▶ Work item:
Return every record exactly as written.

▶ Source material:
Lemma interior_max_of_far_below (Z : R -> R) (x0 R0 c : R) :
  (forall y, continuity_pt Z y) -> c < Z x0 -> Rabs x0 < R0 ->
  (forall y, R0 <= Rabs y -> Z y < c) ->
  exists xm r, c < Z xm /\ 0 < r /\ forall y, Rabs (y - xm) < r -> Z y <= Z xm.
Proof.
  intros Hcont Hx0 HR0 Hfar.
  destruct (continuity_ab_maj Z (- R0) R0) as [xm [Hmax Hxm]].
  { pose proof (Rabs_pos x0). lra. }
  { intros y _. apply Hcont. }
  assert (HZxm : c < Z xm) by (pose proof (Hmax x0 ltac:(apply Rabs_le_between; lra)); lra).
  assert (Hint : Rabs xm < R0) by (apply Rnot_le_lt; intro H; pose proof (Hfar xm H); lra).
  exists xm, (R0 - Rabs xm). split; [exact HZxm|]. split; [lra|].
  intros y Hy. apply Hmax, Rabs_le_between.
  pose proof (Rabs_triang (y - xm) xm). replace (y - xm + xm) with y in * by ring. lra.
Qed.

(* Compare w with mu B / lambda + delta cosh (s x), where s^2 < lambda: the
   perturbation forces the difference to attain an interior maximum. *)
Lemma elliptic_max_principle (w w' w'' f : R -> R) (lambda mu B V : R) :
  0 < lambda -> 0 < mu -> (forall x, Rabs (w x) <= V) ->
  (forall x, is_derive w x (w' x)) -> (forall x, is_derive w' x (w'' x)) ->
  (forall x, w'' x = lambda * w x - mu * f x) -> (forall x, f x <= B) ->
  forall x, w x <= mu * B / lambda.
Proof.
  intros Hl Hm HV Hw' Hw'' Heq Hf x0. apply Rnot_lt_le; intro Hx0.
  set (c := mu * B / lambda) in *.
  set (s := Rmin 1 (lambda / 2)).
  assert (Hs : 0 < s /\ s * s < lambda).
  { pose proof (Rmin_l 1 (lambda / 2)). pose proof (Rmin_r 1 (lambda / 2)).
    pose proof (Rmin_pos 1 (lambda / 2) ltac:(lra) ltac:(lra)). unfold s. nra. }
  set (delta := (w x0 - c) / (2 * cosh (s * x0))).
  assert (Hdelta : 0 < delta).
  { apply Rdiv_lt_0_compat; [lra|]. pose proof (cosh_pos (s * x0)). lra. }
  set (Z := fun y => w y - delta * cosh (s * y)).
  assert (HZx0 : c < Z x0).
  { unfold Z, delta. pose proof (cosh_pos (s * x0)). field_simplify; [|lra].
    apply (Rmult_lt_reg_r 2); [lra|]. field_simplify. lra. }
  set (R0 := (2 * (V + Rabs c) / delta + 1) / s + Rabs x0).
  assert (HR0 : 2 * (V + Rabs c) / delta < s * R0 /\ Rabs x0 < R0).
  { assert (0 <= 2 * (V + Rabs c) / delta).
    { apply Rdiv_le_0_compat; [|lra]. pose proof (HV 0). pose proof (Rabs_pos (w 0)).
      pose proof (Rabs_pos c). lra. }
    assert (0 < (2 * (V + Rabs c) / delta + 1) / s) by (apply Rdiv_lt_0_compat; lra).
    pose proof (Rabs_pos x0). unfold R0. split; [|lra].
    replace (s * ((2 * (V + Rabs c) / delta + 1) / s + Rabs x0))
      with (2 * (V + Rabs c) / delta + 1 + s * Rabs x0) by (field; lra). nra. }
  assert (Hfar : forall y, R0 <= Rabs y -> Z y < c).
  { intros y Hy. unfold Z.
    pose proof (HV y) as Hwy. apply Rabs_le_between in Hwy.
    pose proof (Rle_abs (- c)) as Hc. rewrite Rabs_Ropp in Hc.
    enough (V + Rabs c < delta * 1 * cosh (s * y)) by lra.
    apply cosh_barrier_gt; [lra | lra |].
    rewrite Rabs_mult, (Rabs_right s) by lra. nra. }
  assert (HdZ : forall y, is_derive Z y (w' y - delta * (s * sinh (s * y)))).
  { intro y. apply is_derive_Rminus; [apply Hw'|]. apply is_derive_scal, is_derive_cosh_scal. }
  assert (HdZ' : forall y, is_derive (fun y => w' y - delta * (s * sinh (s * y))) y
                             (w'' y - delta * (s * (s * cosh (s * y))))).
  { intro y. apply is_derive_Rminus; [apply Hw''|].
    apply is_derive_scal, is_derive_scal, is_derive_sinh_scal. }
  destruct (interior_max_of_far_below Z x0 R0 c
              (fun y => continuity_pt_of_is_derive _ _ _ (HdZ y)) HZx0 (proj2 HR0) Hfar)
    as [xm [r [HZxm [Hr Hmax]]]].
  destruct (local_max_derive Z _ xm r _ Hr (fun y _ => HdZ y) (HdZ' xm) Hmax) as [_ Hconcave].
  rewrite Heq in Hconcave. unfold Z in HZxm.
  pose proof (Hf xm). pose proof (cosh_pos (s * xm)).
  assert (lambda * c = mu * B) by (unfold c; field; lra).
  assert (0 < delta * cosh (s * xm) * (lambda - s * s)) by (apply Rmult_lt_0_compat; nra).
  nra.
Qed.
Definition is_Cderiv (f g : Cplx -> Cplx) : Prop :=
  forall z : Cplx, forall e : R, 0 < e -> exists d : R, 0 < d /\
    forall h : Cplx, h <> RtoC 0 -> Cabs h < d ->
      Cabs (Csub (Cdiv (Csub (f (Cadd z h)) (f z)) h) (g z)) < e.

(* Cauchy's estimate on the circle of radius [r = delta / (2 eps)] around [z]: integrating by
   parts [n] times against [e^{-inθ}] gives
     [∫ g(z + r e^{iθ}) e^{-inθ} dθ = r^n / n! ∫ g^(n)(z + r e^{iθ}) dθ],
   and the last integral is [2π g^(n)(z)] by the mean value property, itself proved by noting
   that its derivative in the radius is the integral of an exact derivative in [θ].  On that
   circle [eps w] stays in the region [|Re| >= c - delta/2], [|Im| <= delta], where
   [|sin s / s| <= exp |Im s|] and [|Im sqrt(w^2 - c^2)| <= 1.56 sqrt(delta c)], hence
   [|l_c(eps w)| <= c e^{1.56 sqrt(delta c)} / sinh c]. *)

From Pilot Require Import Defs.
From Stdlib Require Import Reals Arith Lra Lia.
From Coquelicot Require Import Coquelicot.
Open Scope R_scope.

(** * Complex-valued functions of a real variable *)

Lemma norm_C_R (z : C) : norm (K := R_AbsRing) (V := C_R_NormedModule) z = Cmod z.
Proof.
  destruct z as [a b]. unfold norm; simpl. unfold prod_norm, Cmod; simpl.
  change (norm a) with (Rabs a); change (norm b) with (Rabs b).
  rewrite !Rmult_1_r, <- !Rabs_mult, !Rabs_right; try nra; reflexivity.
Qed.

▶ Result below:
Lemma interior_max_of_far_below (Z : R -> R) (x0 R0 c : R) :
  (forall y, continuity_pt Z y) -> c < Z x0 -> Rabs x0 < R0 ->
  (forall y, R0 <= Rabs y -> Z y < c) ->
  exists xm r, c < Z xm /\ 0 < r /\ forall y, Rabs (y - xm) < r -> Z y <= Z xm.
Proof.
  intros Hcont Hx0 HR0 Hfar.
  destruct (continuity_ab_maj Z (- R0) R0) as [xm [Hmax Hxm]].
  { pose proof (Rabs_pos x0). lra. }
  { intros y _. apply Hcont. }
  assert (HZxm : c < Z xm) by (pose proof (Hmax x0 ltac:(apply Rabs_le_between; lra)); lra).
  assert (Hint : Rabs xm < R0) by (apply Rnot_le_lt; intro H; pose proof (Hfar xm H); lra).
  exists xm, (R0 - Rabs xm). split; [exact HZxm|]. split; [lra|].
  intros y Hy. apply Hmax, Rabs_le_between.
  pose proof (Rabs_triang (y - xm) xm). replace (y - xm + xm) with y in * by ring. lra.
Qed.

(* Compare w with mu B / lambda + delta cosh (s x), where s^2 < lambda: the
   perturbation forces the difference to attain an interior maximum. *)
Lemma elliptic_max_principle (w w' w'' f : R -> R) (lambda mu B V : R) :
  0 < lambda -> 0 < mu -> (forall x, Rabs (w x) <= V) ->
  (forall x, is_derive w x (w' x)) -> (forall x, is_derive w' x (w'' x)) ->
  (forall x, w'' x = lambda * w x - mu * f x) -> (forall x, f x <= B) ->
  forall x, w x <= mu * B / lambda.
Proof.
  intros Hl Hm HV Hw' Hw'' Heq Hf x0. apply Rnot_lt_le; intro Hx0.
  set (c := mu * B / lambda) in *.
  set (s := Rmin 1 (lambda / 2)).
  assert (Hs : 0 < s /\ s * s < lambda).
  { pose proof (Rmin_l 1 (lambda / 2)). pose proof (Rmin_r 1 (lambda / 2)).
    pose proof (Rmin_pos 1 (lambda / 2) ltac:(lra) ltac:(lra)). unfold s. nra. }
  set (delta := (w x0 - c) / (2 * cosh (s * x0))).
  assert (Hdelta : 0 < delta).
  { apply Rdiv_lt_0_compat; [lra|]. pose proof (cosh_pos (s * x0)). lra. }
  set (Z := fun y => w y - delta * cosh (s * y)).
  assert (HZx0 : c < Z x0).
  { unfold Z, delta. pose proof (cosh_pos (s * x0)). field_simplify; [|lra].
    apply (Rmult_lt_reg_r 2); [lra|]. field_simplify. lra. }
  set (R0 := (2 * (V + Rabs c) / delta + 1) / s + Rabs x0).
  assert (HR0 : 2 * (V + Rabs c) / delta < s * R0 /\ Rabs x0 < R0).
  { assert (0 <= 2 * (V + Rabs c) / delta).
    { apply Rdiv_le_0_compat; [|lra]. pose proof (HV 0). pose proof (Rabs_pos (w 0)).
      pose proof (Rabs_pos c). lra. }
    assert (0 < (2 * (V + Rabs c) / delta + 1) / s) by (apply Rdiv_lt_0_compat; lra).
    pose proof (Rabs_pos x0). unfold R0. split; [|lra].
    replace (s * ((2 * (V + Rabs c) / delta + 1) / s + Rabs x0))
      with (2 * (V + Rabs c) / delta + 1 + s * Rabs x0) by (field; lra). nra. }
  assert (Hfar : forall y, R0 <= Rabs y -> Z y < c).
  { intros y Hy. unfold Z.
    pose proof (HV y) as Hwy. apply Rabs_le_between in Hwy.
    pose proof (Rle_abs (- c)) as Hc. rewrite Rabs_Ropp in Hc.
    enough (V + Rabs c < delta * 1 * cosh (s * y)) by lra.
    apply cosh_barrier_gt; [lra | lra |].
    rewrite Rabs_mult, (Rabs_right s) by lra. nra. }
  assert (HdZ : forall y, is_derive Z y (w' y - delta * (s * sinh (s * y)))).
  { intro y. apply is_derive_Rminus; [apply Hw'|]. apply is_derive_scal, is_derive_cosh_scal. }
  assert (HdZ' : forall y, is_derive (fun y => w' y - delta * (s * sinh (s * y))) y
                             (w'' y - delta * (s * (s * cosh (s * y))))).
  { intro y. apply is_derive_Rminus; [apply Hw''|].
    apply is_derive_scal, is_derive_scal, is_derive_sinh_scal. }
  destruct (interior_max_of_far_below Z x0 R0 c
              (fun y => continuity_pt_of_is_derive _ _ _ (HdZ y)) HZx0 (proj2 HR0) Hfar)
    as [xm [r [HZxm [Hr Hmax]]]].
  destruct (local_max_derive Z _ xm r _ Hr (fun y _ => HdZ y) (HdZ' xm) Hmax) as [_ Hconcave].
  rewrite Heq in Hconcave. unfold Z in HZxm.
  pose proof (Hf xm). pose proof (cosh_pos (s * xm)).
  assert (lambda * c = mu * B) by (unfold c; field; lra).
  assert (0 < delta * cosh (s * xm) * (lambda - s * s)) by (apply Rmult_lt_0_compat; nra).
  nra.
Qed.
Definition is_Cderiv (f g : Cplx -> Cplx) : Prop :=
  forall z : Cplx, forall e : R, 0 < e -> exists d : R, 0 < d /\
    forall h : Cplx, h <> RtoC 0 -> Cabs h < d ->
      Cabs (Csub (Cdiv (Csub (f (Cadd z h)) (f z)) h) (g z)) < e.

(* Cauchy's estimate on the circle of radius [r = delta / (2 eps)] around [z]: integrating by
   parts [n] times against [e^{-inθ}] gives
     [∫ g(z + r e^{iθ}) e^{-inθ} dθ = r^n / n! ∫ g^(n)(z + r e^{iθ}) dθ],
   and the last integral is [2π g^(n)(z)] by the mean value property, itself proved by noting
   that its derivative in the radius is the integral of an exact derivative in [θ].  On that
   circle [eps w] stays in the region [|Re| >= c - delta/2], [|Im| <= delta], where
   [|sin s / s| <= exp |Im s|] and [|Im sqrt(w^2 - c^2)| <= 1.56 sqrt(delta c)], hence
   [|l_c(eps w)| <= c e^{1.56 sqrt(delta c)} / sinh c]. *)

From Pilot Require Import Defs.
From Stdlib Require Import Reals Arith Lra Lia.
From Coquelicot Require Import Coquelicot.
Open Scope R_scope.

(** * Complex-valued functions of a real variable *)

Lemma norm_C_R (z : C) : norm (K := R_AbsRing) (V := C_R_NormedModule) z = Cmod z.
Proof.
  destruct z as [a b]. unfold norm; simpl. unfold prod_norm, Cmod; simpl.
  change (norm a) with (Rabs a); change (norm b) with (Rabs b).
  rewrite !Rmult_1_r, <- !Rabs_mult, !Rabs_right; try nra; reflexivity.
Qed.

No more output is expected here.